GTDB-Tk is a software toolkit for assigning objective taxonomic classifications to bacterial and archaeal genomes based on the Genome Database Taxonomy GTDB. It is designed to work with recent advances that allow hundreds or thousands of metagenome-assembled genomes (MAGs) to be obtained directly from environmental samples. It can also be applied to isolate and single-cell genomes. The GTDB-Tk is open source and released under the GNU General Public License (Version 3).

Notifications about GTDB-Tk releases will be available through the GTDB Twitter account (https://twitter.com/ace_gtdb).

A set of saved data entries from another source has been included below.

(* Let $n\ge1$ and let $T\in\mathcal{L}(\mathcal{H})$ be an $n$-EP operator. Then: (1) if $M$ is a closed subspace of $\mathcal{H}$ reducing $T$, then the restriction $T|_M$ (as an operator on $M$) is $n$-EP; (2) if $S=U^*TU$ for some unitary $U\in\mathcal{L}(\mathcal{H})$, then $S$ is $n$-EP.
   Context: $\mathcal{H}$ is a Hilbert space, $\mathcal{L}(\mathcal{H})$ the bounded operators on it. A closed subspace $M$ reduces $T$ if $T(M)\subset M$ and $T^*(M)\subset M$. For $T$ with closed range, $T^\dagger$ is its Moore–Penrose inverse (unique solution of $TT^\dagger T=T$, $T^\dagger TT^\dagger=T^\dagger$, $(T^\dagger T)^*=T^\dagger T$, $(TT^\dagger)^*=TT^\dagger$). For $n\ge1$, $T$ is $n$-EP if $T$ has closed range and $T^nT^\dagger=T^\dagger T^n$. *)

From HB Require Import structures.
From mathcomp Require Import all_boot all_order all_algebra.
From mathcomp Require Import reals.
From mathcomp Require Import complex.
Set Implicit Arguments. Unset Strict Implicit. Unset Printing Implicit Defensive.
Import Order.TTheory GRing.Theory Num.Theory.
Local Open Scope ring_scope.

(* Complex Hilbert space H : a C-vector space with an inner product ip
   (linear in the first argument, conjugate-linear in the second) whose
   induced norm is complete. *)
Section Hilbert.
Variable R : realType.
Variable H : lmodType R[i].
Variable ip : H -> H -> R[i].

Definition inner_product_axioms : Prop :=
  [/\ forall (a : R[i]) (x y z : H), ip (a *: x + y) z = a * ip x z + ip y z,
      forall x y : H, ip y x = (ip x y)^*,
      forall x : H, 0 <= ip x x
    & forall x : H, ip x x = 0 -> x = 0].

Definition hnorm (x : H) : R := Num.sqrt (complex.Re (ip x x)).

Definition cauchy_seq (u : nat -> H) : Prop :=
  forall eps : R, 0 < eps -> exists N : nat,
    forall m k : nat, (N <= m)%N -> (N <= k)%N -> hnorm (u m - u k) < eps.
(* Let $A$ be a commutative ring and let $(x_0,\ldots,x_n)$ be a path in $Y(A)$. Let $X\in\mathrm{SL}_2(A)$ with $\infty\cdot X=x_0$ and let $Y\in\mathrm{SL}_2(A)$ be such that $Z:=XY^{-1}\in B$, say $Z=\begin{pmatrix}u&0\\c&u^{-1}\end{pmatrix}$. Let $a_1,\ldots,a_n\in A$ be the elements with $x_i=\infty\cdot E(a_i)\cdots E(a_1)X$ for $1\le i\le n$, and let $b_1,\ldots,b_n\in A$ be the elements with $x_i=\infty\cdot E(b_i)\cdots E(b_1)Y$ for $1\le i\le n$. Then $b_1=u^2a_1+cu$ and $b_i=u^{2(-1)^{i-1}}a_i$ for all $i\ge2$.
   Context: A unimodular row over $A$ is $(a,b)\in A^2$ with $aA+bA=A$. $\Gamma(A)$ is the graph whose vertices are classes of unimodular rows modulo multiplication by units, with $\{[u],[v]\}$ an edge iff the matrix with rows $u,v$ lies in $\mathrm{GL}_2(A)$; $Y(A)$ is its clique complex, and a path is a sequence of vertices with consecutive ones adjacent. $\mathrm{SL}_2(A)$ acts on vertices on the right by $[u]\cdot M=[uM]$; $\infty=[(1,0)]$. $E(a)=\begin{pmatrix}a&1\\-1&0\end{pmatrix}$. $B$ is the group of lower triangular matrices in $\mathrm{SL}_2(A)$. (For a path and a matrix $X$ with $\infty\cdot X=x_0$, the elements $a_i$ with $x_i=\infty\cdot E(a_i)\cdots E(a_1)X$ exist and are unique.) *)

From HB Require Import structures.
From mathcomp Require Import all_boot all_order all_algebra.
Set Implicit Arguments. Unset Strict Implicit. Unset Printing Implicit Defensive.
Import Order.TTheory GRing.Theory Num.Theory.
Local Open Scope ring_scope.

Section Defs.
Variable A : comUnitRingType.

Definition mx2 (p q r s : A) : 'M[A]_2 :=
  \matrix_(i < 2, j < 2)
    if i == 0 then (if j == 0 then p else q) else (if j == 0 then r else s).

Definition rv2 (a b : A) : 'rV[A]_2 := \row_(j < 2) if j == 0 then a else b.

Definition rows2 (u v : 'rV[A]_2) : 'M[A]_2 :=
  \matrix_(i < 2, j < 2) if i == 0 then u 0 j else v 0 j.

Definition unimodular (v : 'rV[A]_2) : Prop :=
  exists s t : A, v 0 0 * s + v 0 1 * t = 1.

(* [u] = [v] as vertices: equal modulo multiplication by a unit *)
Definition same_vertex (u v : 'rV[A]_2) : Prop :=
  exists2 l : A, l \is a GRing.unit & v = l *: u.

(* edge of Gamma(A): the matrix with rows u, v lies in GL_2(A) *)
Definition adjacent (u v : 'rV[A]_2) : Prop := rows2 u v \in unitmx.

(* (x_0, ..., x_n) is a path in Y(A) (vertices given by representatives) *)
Definition is_path (n : nat) (x : nat -> 'rV[A]_2) : Prop :=
  (forall i, (i <= n)%N -> unimodular (x i)) /\
  (forall i, (i < n)%N -> adjacent (x i) (x i.+1)).

Definition inSL2 (M : 'M[A]_2) : Prop := \det M = 1.

Definition inB (M : 'M[A]_2) : Prop := M 0 1 = 0 /\ inSL2 M.

Definition infty : 'rV[A]_2 := rv2 1 0.

Definition act (u : 'rV[A]_2) (M : 'M[A]_2) : 'rV[A]_2 := u *m M.

Definition Emx (a : A) : 'M[A]_2 := mx2 a 1 (-1) 0.

Fixpoint Eprod (a : nat -> A) (i : nat) : 'M[A]_2 :=
  match i with
  | O => 1%:M
  | S k => Emx (a k.+1) *m Eprod a k
  end.

End Defs.

(** The identity [E(a) L(d, e) = L(d^-1, 0) E(d^2 a + d e)] for the lower
    triangular matrices [L(d, e) = [[d, 0], [e, d^-1]]] lets one move the
    lower triangular factor [Z = X Y^-1 = L(u, c)] past [E(a_1)], then past
    [E(a_2)], and so on: after [i] steps
    [E(a_i)...E(a_1) X = L(d_i, e_i) E(b'_i)...E(b'_1) Y] with
    [b'_(i+1) = d_i^2 a_(i+1) + d_i e_i], [d_i = u^((-1)^i)], [e_0 = c] and
    [e_i = 0] for [i > 0].  Since [L(d, e)] fixes [infty] up to the unit [d],
    both sides define the vertex [x_i]; as [infty E(b) Q = (b, 1) Q] with [Q]
    invertible, this vertex determines [b], so [b_i = b'_i]. *)
From HB Require Import structures.
From mathcomp Require Import all_boot all_order all_algebra.
From mathcomp Require Import ring.
Set Implicit Arguments.
Unset Strict Implicit.
Unset Printing Implicit Defensive.
Import Order.TTheory GRing.Theory Num.Theory.
Local Open Scope ring_scope.

Section TwoByTwo.
Variable A : comUnitRingType.
Implicit Types (p q r s d e al be l : A) (Q M : 'M[A]_2).

Definition lower_mx d e : 'M[A]_2 := mx2 d 0 e d^-1.

Lemma mx2_mul (p q r s p' q' r' s' : A) : mx2 p q r s *m mx2 p' q' r' s' =
  mx2 (p * p' + q * r') (p * q' + q * s') (r * p' + s * r') (r * q' + s * s').
Proof.
apply/matrixP => i j; rewrite !mxE !big_ord_recl big_ord0 !mxE addr0.
by case: i => [[|[|//]] ?]; case: j => [[|[|//]] ?]; rewrite /= ?mxE /=.
Qed.

Lemma det_mx2 p q r s : \det (mx2 p q r s) = p * s - q * r.
Proof.
rewrite (expand_det_row _ 0) !big_ord_recl big_ord0 /cofactor !det_mx11 !mxE /=.
by rewrite !expr0 !mul1r expr1 addr0; ring.
Qed.

Lemma rv2_mul al be p q r s :
  rv2 al be *m mx2 p q r s = rv2 (al * p + be * r) (al * q + be * s).
Proof.
apply/matrixP => i j; rewrite !mxE !big_ord_recl big_ord0 !mxE addr0.
by case: j => [[|[|//]] ?]; rewrite /= ?mxE /=.
Qed.

Lemma rv2Z l al be : l *: rv2 al be = rv2 (l * al) (l * be).
Proof. by apply/matrixP => i j; rewrite !mxE; case: (j == 0). Qed.

Lemma rv2_inj al be al' be' : rv2 al be = rv2 al' be' -> al = al' /\ be = be'.
Proof. by move=> /matrixP eq_rv; move: (eq_rv 0 0) (eq_rv 0 1); rewrite !mxE. Qed.

Lemma det_Emx al : \det (Emx al) = 1.
Proof. by rewrite det_mx2 mulr0 mulrN1 opprK add0r. Qed.

Lemma det_Eprod (a : nat -> A) i : \det (Eprod a i) = 1.
Proof. by elim: i => [|i IH] /=; rewrite ?det1 // det_mulmx det_Emx IH mulr1. Qed.

Lemma Emx_lower_mx d e al : d \is a GRing.unit ->
  Emx al *m lower_mx d e = lower_mx d^-1 0 *m Emx (d ^+ 2 * al + d * e).
Proof.
move=> d_unit; rewrite /Emx /lower_mx invrK !mx2_mul.
have -> : d ^+ 2 * al + d * e = d * (d * al + e) by ring.
by rewrite mulKr //; congr mx2; ring.
Qed.

Lemma act_infty_lower_mx d e M :
  act (infty A) (lower_mx d e *m M) = d *: act (infty A) M.
Proof.
by rewrite /act mulmxA scalemxAl rv2_mul rv2Z !mul1r !mul0r !mulr0 !addr0 mulr1.
Qed.

Lemma act_infty_Emx al M : act (infty A) (Emx al *m M) = rv2 al 1 *m M.
Proof.
by rewrite /act mulmxA rv2_mul !mul1r !mul0r !addr0.
Qed.

Lemma same_vertex_sym (v w : 'rV[A]_2) : same_vertex v w -> same_vertex w v.
Proof.
by move=> [l l_unit ->]; exists l^-1; rewrite ?unitrV ?scalerA ?mulVr ?scale1r.
Qed.

Lemma same_vertex_trans (v w z : 'rV[A]_2) :
  same_vertex v w -> same_vertex w z -> same_vertex v z.
Proof.
move=> [l l_unit ->] [l' l'_unit ->].
by exists (l' * l); rewrite ?unitrM ?l_unit ?l'_unit ?scalerA.
Qed.

Lemma same_vertex_Emx_inj Q al be : Q \in unitmx ->
  same_vertex (act (infty A) (Emx al *m Q)) (act (infty A) (Emx be *m Q)) ->
  al = be.
Proof.
move=> Q_unit [l _]; rewrite !act_infty_Emx => eq_rows.
have : rv2 be 1 = l *: rv2 al 1.
  by rewrite -(mulmxK Q_unit (rv2 be 1)) eq_rows -scalemxAl mulmxK.
by rewrite rv2Z mulr1 => /rv2_inj [-> <-]; rewrite mul1r.
Qed.

Lemma Emx_lower_mx_vertex Q d e al be (y : 'rV[A]_2) :
  Q \in unitmx -> d \is a GRing.unit ->
  same_vertex (act (infty A) (Emx al *m (lower_mx d e *m Q))) y ->
  same_vertex (act (infty A) (Emx be *m Q)) y ->
  be = d ^+ 2 * al + d * e.
Proof.
move=> Q_unit d_unit y_al y_be; apply: (same_vertex_Emx_inj Q_unit).
apply: same_vertex_trans y_be (same_vertex_trans (same_vertex_sym y_al) _).
rewrite mulmxA Emx_lower_mx // -mulmxA act_infty_lower_mx.
by exists d; rewrite ?scalerA ?mulrV ?scale1r.
Qed.

End TwoByTwo.

Section ChangeOfFrame.
Variables (A : comUnitRingType) (n : nat) (x : nat -> 'rV[A]_2).
Variables (X Y : 'M[A]_2) (u c : A) (a b : nat -> A).
Hypothesis det_Y : \det Y = 1.
Hypothesis u_unit : u \is a GRing.unit.
Hypothesis X_frame : X = lower_mx u c *m Y.
Hypothesis a_path :
  forall i, (1 <= i <= n)%N -> same_vertex (act (infty A) (Eprod a i *m X)) (x i).
Hypothesis b_path :
  forall i, (1 <= i <= n)%N -> same_vertex (act (infty A) (Eprod b i *m Y)) (x i).

Let d i : A := u ^ ((-1) ^+ i : int).
Let e i : A := if i is 0 then c else 0.
Let frames_related i :=
  Eprod a i *m X = lower_mx (d i) (e i) *m (Eprod b i *m Y).

Let d_unit i : d i \is a GRing.unit.
Proof. by rewrite unitr_n0expz ?signr_eq0. Qed.

Let Eprod_Y_unit i : Eprod b i *m Y \in unitmx.
Proof. by rewrite unitmxE det_mulmx det_Eprod det_Y mulr1 unitr1. Qed.

Lemma b_succ_of_frames i : (i < n)%N -> frames_related i ->
  b i.+1 = d i ^+ 2 * a i.+1 + d i * e i.
Proof.
move=> lt_i_n frames_i; have range : (1 <= i.+1 <= n)%N by [].
have x_a := a_path range; have x_b := b_path range.
rewrite /= -mulmxA frames_i in x_a; rewrite /= -mulmxA in x_b.
exact: Emx_lower_mx_vertex (Eprod_Y_unit i) (d_unit i) x_a x_b.
Qed.

Lemma frames_related_succ i : (i < n)%N -> frames_related i -> frames_related i.+1.
Proof.
move=> lt_i_n frames_i; rewrite /frames_related /= -!mulmxA frames_i mulmxA.
rewrite Emx_lower_mx // -(b_succ_of_frames lt_i_n frames_i) -!mulmxA.
by rewrite /d exprS mulN1r -invr_expz.
Qed.

Lemma frames_related_le i : (i <= n)%N -> frames_related i.
Proof.
elim: i => [_|i IH lt_i_n]; first by rewrite /frames_related mul1mx mul1mx X_frame.
by apply: frames_related_succ lt_i_n (IH (ltnW lt_i_n)).
Qed.

Lemma b_succ i : (i < n)%N -> b i.+1 = d i ^+ 2 * a i.+1 + d i * e i.
Proof.
by move=> lt_i_n; apply: b_succ_of_frames lt_i_n (frames_related_le (ltnW lt_i_n)).
Qed.

End ChangeOfFrame.

Theorem proposition5p1 (A : comUnitRingType) (n : nat) (x : nat -> 'rV[A]_2)
  (X Y : 'M[A]_2) (u c : A) (a b : nat -> A) :
  is_path n x ->
  inSL2 X -> same_vertex (act (infty A) X) (x 0%N) ->
  inSL2 Y ->
  inB (X *m invmx Y) ->
  X *m invmx Y = mx2 u 0 c u^-1 ->
  (forall i, (1 <= i <= n)%N -> same_vertex (act (infty A) (Eprod a i *m X)) (x i)) ->
  (forall i, (1 <= i <= n)%N -> same_vertex (act (infty A) (Eprod b i *m Y)) (x i)) ->
  (1 <= n)%N ->
  b 1%N = u ^+ 2 * a 1%N + c * u /\
  (forall i, (2 <= i <= n)%N -> b i = u ^ (2%:Z * (-1) ^+ i.-1) * a i).
Proof.
(* The path and the conditions on X only guarantee that the a_i, b_i exist. *)
move=> _ _ _ det_Y [_ det_Z] Z_def a_path b_path n_gt0.
have Y_unit : Y \in unitmx by rewrite unitmxE det_Y unitr1.
have X_frame : X = lower_mx u c *m Y by rewrite /lower_mx -Z_def mulmxKV.
have u_unit : u \is a GRing.unit.
  by apply/unitrPr; exists u^-1; rewrite -det_Z Z_def det_mx2 mul0r subr0.
have b_rec := b_succ det_Y u_unit X_frame a_path b_path.
split; first by rewrite b_rec // expr0 expr1z [u * c]mulrC.
case=> [|[|i]] // /andP [_ lt_i_n]; rewrite b_rec //= mulr0 addr0.
by rewrite [2%:Z * _]mulrC -exprz_exp.
Qed.
(* Let $A$ be an algebra, $R$ a Rota–Baxter operator of weight zero on $A$, and $e$ a nonzero idempotent of $A$. Then $e\notin \mathrm{Im}(R^k)\cap\ker R$ for every $k\ge2$.
   Context: An algebra is a vector space with a bilinear (not necessarily associative) product. A linear operator $R$ on $A$ is a Rota–Baxter operator of weight $0$ if $R(x)R(y)=R(R(x)y+xR(y))$ for all $x,y\in A$. *)

From HB Require Import structures.
From mathcomp Require Import all_boot all_order all_algebra.
Set Implicit Arguments. Unset Strict Implicit. Unset Printing Implicit Defensive.
Import GRing.Theory.
Local Open Scope ring_scope.

(* A (not necessarily associative) algebra structure on a vector space V over
   a field F is given by a bilinear product [mul : V -> V -> V]. *)
Definition bilinear_prod (F : fieldType) (V : lmodType F) (mul : V -> V -> V) : Prop :=
  (forall a x y z, mul (a *: x + y) z = a *: mul x z + mul y z) /\
  (forall a x y z, mul x (a *: y + z) = a *: mul x y + mul x z).

Definition rota_baxter0 (F : fieldType) (V : lmodType F) (mul : V -> V -> V)
  (R : V -> V) : Prop :=
  forall x y, mul (R x) (R y) = R (mul (R x) y + mul x (R y)).

Definition in_image_iter (V : Type) (R : V -> V) (k : nat) (v : V) : Prop :=
  exists x, iter k R x = v.

(* If [e = R (R z)] lies in [ker R], then applying the Rota-Baxter identity to
   the pairs [(e, z)] and [(z, e)] shows that [R] kills both [e R(z)] and
   [R(z) e]; applying it to [(R z, R z)] then gives
   [e e = R (e R(z) + R(z) e) = 0]. A nonzero idempotent is not square-zero. *)
From HB Require Import structures.
From mathcomp Require Import all_boot all_order all_algebra.
Import GRing.Theory.
Local Open Scope ring_scope.

Set Implicit Arguments. Unset Strict Implicit.

Lemma in_image_iter_le (T : Type) (f : T -> T) (m n : nat) (v : T) :
  (m <= n)%N -> in_image_iter f n v -> in_image_iter f m v.
Proof.
move=> /subnK <- [x <-]; exists (iter (n - m) f x).
by rewrite addnC iterD.
Qed.

Section BilinearProduct.

Variables (F : fieldType) (V : lmodType F) (mul : V -> V -> V).
Hypothesis mul_bilinear : bilinear_prod mul.

Lemma bilinear_mul0v (w : V) : mul 0 w = 0.
Proof.
have := mul_bilinear.1 1 0 0 w; rewrite !scale1r !addr0.
by move/eqP; rewrite -{1}[mul 0 w]add0r (inj_eq (addIr _)) eq_sym => /eqP.
Qed.

Lemma bilinear_mulv0 (w : V) : mul w 0 = 0.
Proof.
have := mul_bilinear.2 1 w 0 0; rewrite !scale1r !addr0.
by move/eqP; rewrite -{1}[mul w 0]add0r (inj_eq (addIr _)) eq_sym => /eqP.
Qed.

Variable R : {linear V -> V}.
Hypothesis R_rota_baxter : rota_baxter0 mul R.

Lemma rota_baxter0_ker_mulvR (a y : V) : R a = 0 -> R (mul a (R y)) = 0.
Proof.
by move=> Ra0; have := R_rota_baxter a y; rewrite Ra0 !bilinear_mul0v add0r.
Qed.

Lemma rota_baxter0_ker_mulRv (a y : V) : R a = 0 -> R (mul (R y) a) = 0.
Proof.
by move=> Ra0; have := R_rota_baxter y a; rewrite Ra0 !bilinear_mulv0 addr0.
Qed.

Lemma rota_baxter0_sqr_image2_ker (e : V) :
  in_image_iter R 2 e -> R e = 0 -> mul e e = 0.
Proof.
move=> [z /= ez] Re0.
rewrite -{1 2}ez R_rota_baxter ez linearD.
by rewrite rota_baxter0_ker_mulvR // rota_baxter0_ker_mulRv // addr0.
Qed.

End BilinearProduct.

Theorem lemma13 (F : fieldType) (V : lmodType F) (mul : V -> V -> V)
  (R : {linear V -> V}) (e : V) (k : nat) :
  bilinear_prod mul -> rota_baxter0 mul R ->
  mul e e = e -> e != 0 -> (2 <= k)%N ->
  ~ (in_image_iter R k e /\ R e = 0).
Proof.
move=> mul_bilinear R_rota_baxter ee e_neq0 k_ge2 [e_im Re0].
have e_im2 := in_image_iter_le k_ge2 e_im.
move/eqP: e_neq0; apply.
by rewrite -ee (rota_baxter0_sqr_image2_ker mul_bilinear R_rota_baxter e_im2).
Qed.
Lemma set_weight_split u v c : c \in u :: geodesic u v -> is_node e c ->
  set_weight (geod_set u c) * set_weight (geod_set c v) =
  dtot e dw c * set_weight (geod_set u v).
Proof.
set L := u :: geodesic u v => c_on node_c; set k := index c L.
have in_pre a : (a \in geod_set u c) = (a \in L) && (index a L <= k).
  by rewrite mem_geod_set (mem_geodesic_prefix _ c_on).
have in_suf a : (a \in geod_set c v) = (a \in L) && (k <= index a L).
  by rewrite mem_geod_set (mem_geodesic_suffix _ c_on).
have index_k a : a \in L -> index a L = k -> a = c.
  by move=> a_on idx_a; rewrite -(nth_index u a_on) idx_a nth_index.
have -> : geod_set u v = geod_set u c :|: geod_set c v.
  apply/setP => a; rewrite in_setU in_pre in_suf mem_geod_set -/L.
  by case: (a \in L) => //=; rewrite leq_total.
apply: set_weight_union => //.
- by rewrite in_pre c_on leqnn.
- by rewrite in_suf c_on leqnn.
- move=> z; rewrite in_pre in_suf => /andP[z_on le_zk] /andP[_ le_kz].
  by apply: index_k => //; apply/eqP; rewrite eqn_leq le_zk.
move=> a b; rewrite in_pre in_suf => /andP[a_on le_ak] /andP[b_on le_kb] e_ab.
case: (index_geodesic_edge a_on b_on e_ab) => idx.
  case: (ltngtP (index a L) k) => [lt_ak | lt_ka | eq_ak].
  - by right; apply: index_k => //; apply/eqP; rewrite eqn_leq le_kb idx andbT.
  - by move: le_ak; rewrite leqNgt lt_ka.
  - by left; apply: index_k.
left; apply: index_k => //; apply/eqP; rewrite eqn_leq le_ak idx /=.
exact: leq_trans le_kb (leqnSn _).
Qed.

Lemma dtot_exit_weight x m : e x m -> dtot e dw x = dw x m * exit_weight [set x; m] x.
Proof.
move=> e_xm; rewrite /dtot (bigD1 m e_xm); congr (_ * _); apply: eq_bigl => n.
rewrite !inE; case e_xn: (e x n) => //=.
by have /negbTE-> : n != x by apply: contraTneq e_xn => ->; rewrite e_irr.
Qed.

Lemma set_weight_edge x m : e x m -> is_node e x -> is_node e m ->
  set_weight (geod_set x m) * (dw x m * dw m x) = dtot e dw x * dtot e dw m.
Proof.
move=> e_xm node_x node_m.
have neq_xm : x != m by apply: contraTneq e_xm => ->; rewrite e_irr.
have -> : geod_set x m = [set x; m].
  by apply/setP => z; rewrite mem_geod_set geodesic_edge // !inE.
have -> : set_weight [set x; m] = exit_weight [set x; m] x * exit_weight [set m; x] m.
  rewrite /set_weight (eq_bigl (fun w => w \in [set x; m])) => [|w]; last first.
    by rewrite !inE; do 2!case: eqVneq => [->|_]; rewrite ?andbT ?andbF.
  by rewrite big_setU1 ?inE //= big_set1 setUC.
rewrite (dtot_exit_weight e_xm) (dtot_exit_weight (_ : e m x)) 1?e_sym //.
by rewrite mulnACA [dw x m * _]mulnC [dw m x * _]mulnC.
Qed.

Hypothesis edge_det : forall u v : T, is_node e u -> is_node e v -> e u v ->
  ell e dw u v < dw u v * dw v u.

Lemma set_weight_edge_lt x m : e x m -> is_node e x -> is_node e m ->
  set_weight (geod_set x m) ^ 2 < dtot e dw x * dtot e dw m.
Proof.
move=> e_xm node_x node_m.
rewrite -(set_weight_edge e_xm node_x node_m) -mulnn ltn_pmul2l ?set_weight_gt0 //.
by rewrite -ell_set_weight //; apply: edge_det.
Qed.

Lemma set_weight_lt x y : x != y -> is_node e x -> is_node e y ->
  set_weight (geod_set x y) ^ 2 < dtot e dw x * dtot e dw y.
Proof.
have [n] := ubnP (size (geodesic x y)).
elim: n x => // n IHn x lt_n neq_xy node_x node_y.
have [m e_xm geodesic_xy] := geodesic_cons neq_xy.
have [m_y | neq_my] := eqVneq m y.
  by rewrite -m_y in node_y *; apply: set_weight_edge_lt.
have m_on : m \in x :: geodesic x y by rewrite geodesic_xy !inE eqxx orbT.
have neq_mx : m != x by apply: contraTneq e_xm => ->; rewrite e_irr.
have node_m := interior_node m_on neq_mx neq_my.
have lt_xm := set_weight_edge_lt e_xm node_x node_m.
have lt_my : set_weight (geod_set m y) ^ 2 < dtot e dw m * dtot e dw y.
  by apply: IHn => //; move: lt_n; rewrite geodesic_xy.
have := ltn_mul lt_xm lt_my; rewrite -expnMn set_weight_split // expnMn.
have dm_gt0 := dtot_gt0 node_m.
have -> : dtot e dw x * dtot e dw m * (dtot e dw m * dtot e dw y) =
          dtot e dw m ^ 2 * (dtot e dw x * dtot e dw y) by lia.
by rewrite ltn_pmul2l // expn_gt0 dm_gt0.
Qed.

Lemma ell_mul_on_geodesic u v w : is_node e u -> is_node e v ->
  u \in v :: geodesic v w -> ell e dw u v * ell e dw u w = dtot e dw u * ell e dw v w.
Proof.
move=> node_u node_v u_on; rewrite !ell_set_weight // geod_set_sym.
exact: set_weight_split.
Qed.

Lemma ell_mul_lt_off_geodesic u v w : is_node e u -> is_node e v -> is_node e w ->
  u \notin v :: geodesic v w -> ell e dw u v * ell e dw u w < dtot e dw u * ell e dw v w.
Proof.
move=> node_u node_v node_w u_off; rewrite !ell_set_weight //.
have [c c_uv /andP[c_uw c_vw]] := exists_median u v w.
have neq_uc : u != c by apply: contraNneq u_off => ->.
have node_c : is_node e c.
  have [-> // | neq_cv] := eqVneq c v; have [-> // | neq_cw] := eqVneq c w.
  exact: interior_node c_vw neq_cv neq_cw.
have lt_uc := set_weight_lt neq_uc node_u node_c.
have split_v := set_weight_split c_uv node_c.
have split_w := set_weight_split c_uw node_c.
have split_vw := set_weight_split c_vw node_c; rewrite geod_set_sym in split_vw.
set a := set_weight (geod_set u c) in lt_uc split_v split_w.
set b := set_weight (geod_set c v) in split_v split_vw.
set g := set_weight (geod_set c w) in split_w split_vw.
set dc := dtot e dw c in split_v split_w split_vw.
have dc_gt0 : 0 < dc by apply: dtot_gt0.
rewrite -(ltn_pmul2l (_ : 0 < dc ^ 2)) ?expn_gt0 ?dc_gt0 //.
rewrite -mulnn mulnACA -split_v -split_w mulnACA mulnn.
have -> : dc * dc * (dtot e dw u * set_weight (geod_set v w)) = dtot e dw u * dc * (b * g).
  by rewrite split_vw; lia.
by rewrite ltn_pmul2r // muln_gt0 !set_weight_gt0.
Qed.

End SpliceTree.

Unset Implicit Arguments.

Theorem proposition2p10 (T : finType) (e : rel T) (dw : T -> T -> nat) :
  splice_diagram e dw ->
  edge_determinant_condition e dw ->
  forall u v w : T, is_node e u -> is_node e v -> is_node e w ->
    ell e dw u v * ell e dw u w <= dtot e dw u * ell e dw v w /\
    (ell e dw u v * ell e dw u w = dtot e dw u * ell e dw v w <->
     on_geod e v w u).
Proof.
move=> [[e_sym [e_irr tree]] _ _ dw_gt0] edc u v w node_u node_v node_w.
rewrite (on_geodE tree); have [u_on | u_off] := boolP (u \in v :: geodesic tree v w).
  by rewrite (ell_mul_on_geodesic e_sym e_irr dw node_u node_v u_on).
have lt_uvw := ell_mul_lt_off_geodesic e_sym e_irr dw_gt0 edc node_u node_v node_w u_off.
split; first exact: ltnW.
by split=> // eq_uvw; rewrite eq_uvw ltnn in lt_uvw.
Qed.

Please post questions and issues related to GTDB-Tk on the Issues section of the GitHub repository. Questions related to the GTDB should be sent to the GTDB team.

Announcements

Note (Apr 9, 2020):

  • GTDB-Tk v1.1.0 has been released (we recommend all users update to this version)
    • Bug fixes:
      • In rare cases pplacer would assign an empty taxonomy string which would raise an error.
      • (#229) Genomes using windows line carriage (\r\n) would raise an error.
      • (#227) CentOS machines would fail when using ~ in paths.
      • The bac120 symlink was pointing to the archaeal tree when using the root command.
    • Features:
      • Updated the gtdb_to_ncbi_majority_vote.py script for translating taxonomy.
      • (#195) Added the --pplacer_cpus argument to specify the number of pplacer threads when running classify and classify_wf (#195).
      • (#198) The --debug flag of align outputs aligned markers to disk before trimming.
      • (#225) An optional third column in the --batchfile will specify an override to which translation table should be used. Leave blank to automatically determine the translation table (default).
      • (#131) Users can now specify genomes which have NCBI accessions, as long as they are not GTDB-Tk representatives (a warning will be raised).
      • (#191) Added a new command ani_rep which calculates the ANI of input genomes to all GTDB representative genomes.
        • This command uses Mash in a pre-filtering step. If pre-filtering is enabled (default) then mash will need to be on the system path. To disable pre-filtering use the --no_mash flag.
      • (#230) Improved how markers are used in determining the correct domain, and gene selection for the alignment.

Note (Dec 12, 2019):

  • GTDB-Tk v1.0.2 has been released
    • Fixed an issue where FastANI threads would timeout with FastANI returned a non-zero exit code.
      • Versions affected: 1.0.0, and 1.0.1.

Note (Dec 5, 2019):

  • GTDB-Tk v1.0.0 has been released
    • Migrated to Python 3, you must be running at least Python 3.6 or later to use this version.
    • check_install now does an exhaustive check of the reference data.
    • Resolved an issue where gene calling would fail for low quality genomes (#192).
    • Improved FastANI multiprocessing performance.
    • Third party software versions are reported where possible.

Note (Nov 15, 2019):

  • GTDB-Tk v0.3.3 has been released
    • A bug has been fixed which affected classify and classify_wf when using the --batchfile argument with genome IDs that differed from the FASTA filename. This issue resulted in the assigned taxonomy being derived only from tree placement without any ANI calculations being considered. Consequently, in some cases genomes may have been classified as a new species within a genus when they should have been assigned to an existing species. If you have genomes with species assignments this bug did not impact you.
    • Progress is now displayed for: hmmalign, and pplacer.
    • Fixed an issue where the root command could not be run independently.
    • Improved MSA masking performance.

Previous announcements

Hardware requirements

  • ~100Gb of memory to run
  • ~27Gb of storage
  • ~1 hour per 1,000 genomes when using 64 CPUs

Dependencies

Python libraries

GTDB-Tk is designed for Python 3 and requires the following Python libraries:

  • dendropy >=4.1.0: Python library for phylogenetics.
  • SciPy Stack: at least the Matplotlib, NumPy, and SciPy libraries.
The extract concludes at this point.